Stored data entries:
(* Suppose Assumption 1 (context) holds. For any $u,v\in\mathbb{D}$ and any $j\in\{1,\dots,\widehat n\}$ such that $u_i=v_i$ for all $i\ne j$, we have $|\nabla_jd(u)-\nabla_jd(v)|\le L_j\|u-v\|$, where $L_j=\frac{\|A_j\|^2}{n^2\mu}$ if $j\le n$, $L_j=\frac{\|B_{j-n,:}\|^2}{\mu}$ if $n<j\le n+p$, and $L_j=\frac{L_{g_{j-n-p}}^2}{\mu}$ if $j>n+p$.
   Context: Integers $n,t\ge1$, $p,m\ge0$; $A\in\mathbb{R}^{t\times n}$ with columns $A_j$; $B\in\mathbb{R}^{p\times t}$ with rows $B_{j,:}$; $b\in\mathbb{R}^p$; $f:\mathbb{R}^t\to\mathbb{R}$; $g_i:\mathbb{R}^t\to\mathbb{R}$ ($i\le m$). Assumption 1 includes: $f$ is $\mu$-strongly convex ($\mu>0$); each $g_i$ is convex and every subgradient of $g_i$ has norm at most $L_{g_i}$ (plus convex $M$-Lipschitz loss functions, a Slater point, and finite optimal value for the associated constrained problem). $\widehat n=n+p+m$, $\mathbb{D}=\{u\in\mathbb{R}^{\widehat n}:u_{n+p+1},\dots,u_{\widehat n}\ge0\}$. For $u\in\mathbb{D}$: $L_f(x,u)=f(x)+\langle u_{1:n},A^Tx/n\rangle+\langle u_{n+1:n+p},Bx+b\rangle+\sum_{i=1}^mu_{n+p+i}g_i(x)$, $x^*(u)=\arg\min_xL_f(x,u)$ (unique), $d(u)=-L_f(x^*(u),u)$, which is differentiable on $\mathbb{D}$ with $\nabla d(u)=-[(A^Tx^*(u)/n)^T,(Bx^*(u)+b)^T,g_1(x^*(u)),\dots,g_m(x^*(u))]^T$; $\nabla_jd(u)$ is its $j$-th entry. *)

From HB Require Import structures.
From mathcomp Require Import all_boot all_order all_algebra.
From mathcomp Require Import reals.
Set Implicit Arguments. Unset Strict Implicit. Unset Printing Implicit Defensive.
Import Order.TTheory GRing.Theory Num.Theory.
Local Open Scope ring_scope.

Section Defs.
Variable R : realType.

Definition dotv {t : nat} (x y : 'cV[R]_t) : R := \sum_(i < t) x i 0 * y i 0.

Definition mnorm {a b : nat} (M : 'M[R]_(a, b)) : R :=
  Num.sqrt (\sum_(i < a) \sum_(j < b) M i j ^+ 2).

Definition strongly_convex {t : nat} (mu : R) (f : 'cV[R]_t -> R) : Prop :=
  forall (x y : 'cV[R]_t) (th : R), 0 <= th -> th <= 1 ->
    f (th *: x + (1 - th) *: y) <=
      th * f x + (1 - th) * f y - mu / 2 * th * (1 - th) * mnorm (x - y) ^+ 2.

Definition convex_fun {t : nat} (g : 'cV[R]_t -> R) : Prop :=
  forall (x y : 'cV[R]_t) (th : R), 0 <= th -> th <= 1 ->
    g (th *: x + (1 - th) *: y) <= th * g x + (1 - th) * g y.

Definition subgradient {t : nat} (g : 'cV[R]_t -> R) (x s : 'cV[R]_t) : Prop :=
  forall y : 'cV[R]_t, g x + dotv s (y - x) <= g y.

Definition inD {n p m : nat} (u : 'cV[R]_(n + p + m)) : Prop :=
  forall k : 'I_m, 0 <= u (rshift (n + p) k) 0.

Definition Lf {t n p m : nat} (A : 'M[R]_(t, n)) (B : 'M[R]_(p, t))
  (b : 'cV[R]_p) (f : 'cV[R]_t -> R) (g : 'I_m -> 'cV[R]_t -> R)
  (x : 'cV[R]_t) (u : 'cV[R]_(n + p + m)) : R :=
  f x
  + \sum_(i < n) u (lshift m (lshift p i)) 0 * ((A^T *m x) i 0 / n%:R)
  + \sum_(k < p) u (lshift m (rshift n k)) 0 * (B *m x + b) k 0
  + \sum_(k < m) u (rshift (n + p) k) 0 * g k x.

(* j-th entry of grad d(u), where x = x^*(u) *)
Definition grad_d_j {t n p m : nat} (A : 'M[R]_(t, n)) (B : 'M[R]_(p, t))
  (b : 'cV[R]_p) (g : 'I_m -> 'cV[R]_t -> R)
  (x : 'cV[R]_t) (j : 'I_(n + p + m)) : R :=
  match split j with
  | inl j1 => match split j1 with
              | inl i => - ((A^T *m x) i 0 / n%:R)
              | inr k => - ((B *m x + b) k 0)
              end
  | inr k => - g k x
  end.

Definition Lconst {t n p m : nat} (A : 'M[R]_(t, n)) (B : 'M[R]_(p, t))
  (Lg : 'I_m -> R) (mu : R) (j : 'I_(n + p + m)) : R :=
  match split j with
  | inl j1 => match split j1 with
              | inl i => mnorm (col i A) ^+ 2 / (n%:R ^+ 2 * mu)
              | inr k => mnorm (row k B) ^+ 2 / mu
              end
  | inr k => Lg k ^+ 2 / mu
  end.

▸ **Exercise instructions**: Word for word, restate the lines above from the line containing "From mathcomp Require Import reals." through the line containing "Variable R : realType.", with both included and nothing else.

▸ **Result for this task**:
From mathcomp Require Import reals.
Set Implicit Arguments. Unset Strict Implicit. Unset Printing Implicit Defensive.
Import Order.TTheory GRing.Theory Num.Theory.
Local Open Scope ring_scope.

Section Defs.
Variable R : realType.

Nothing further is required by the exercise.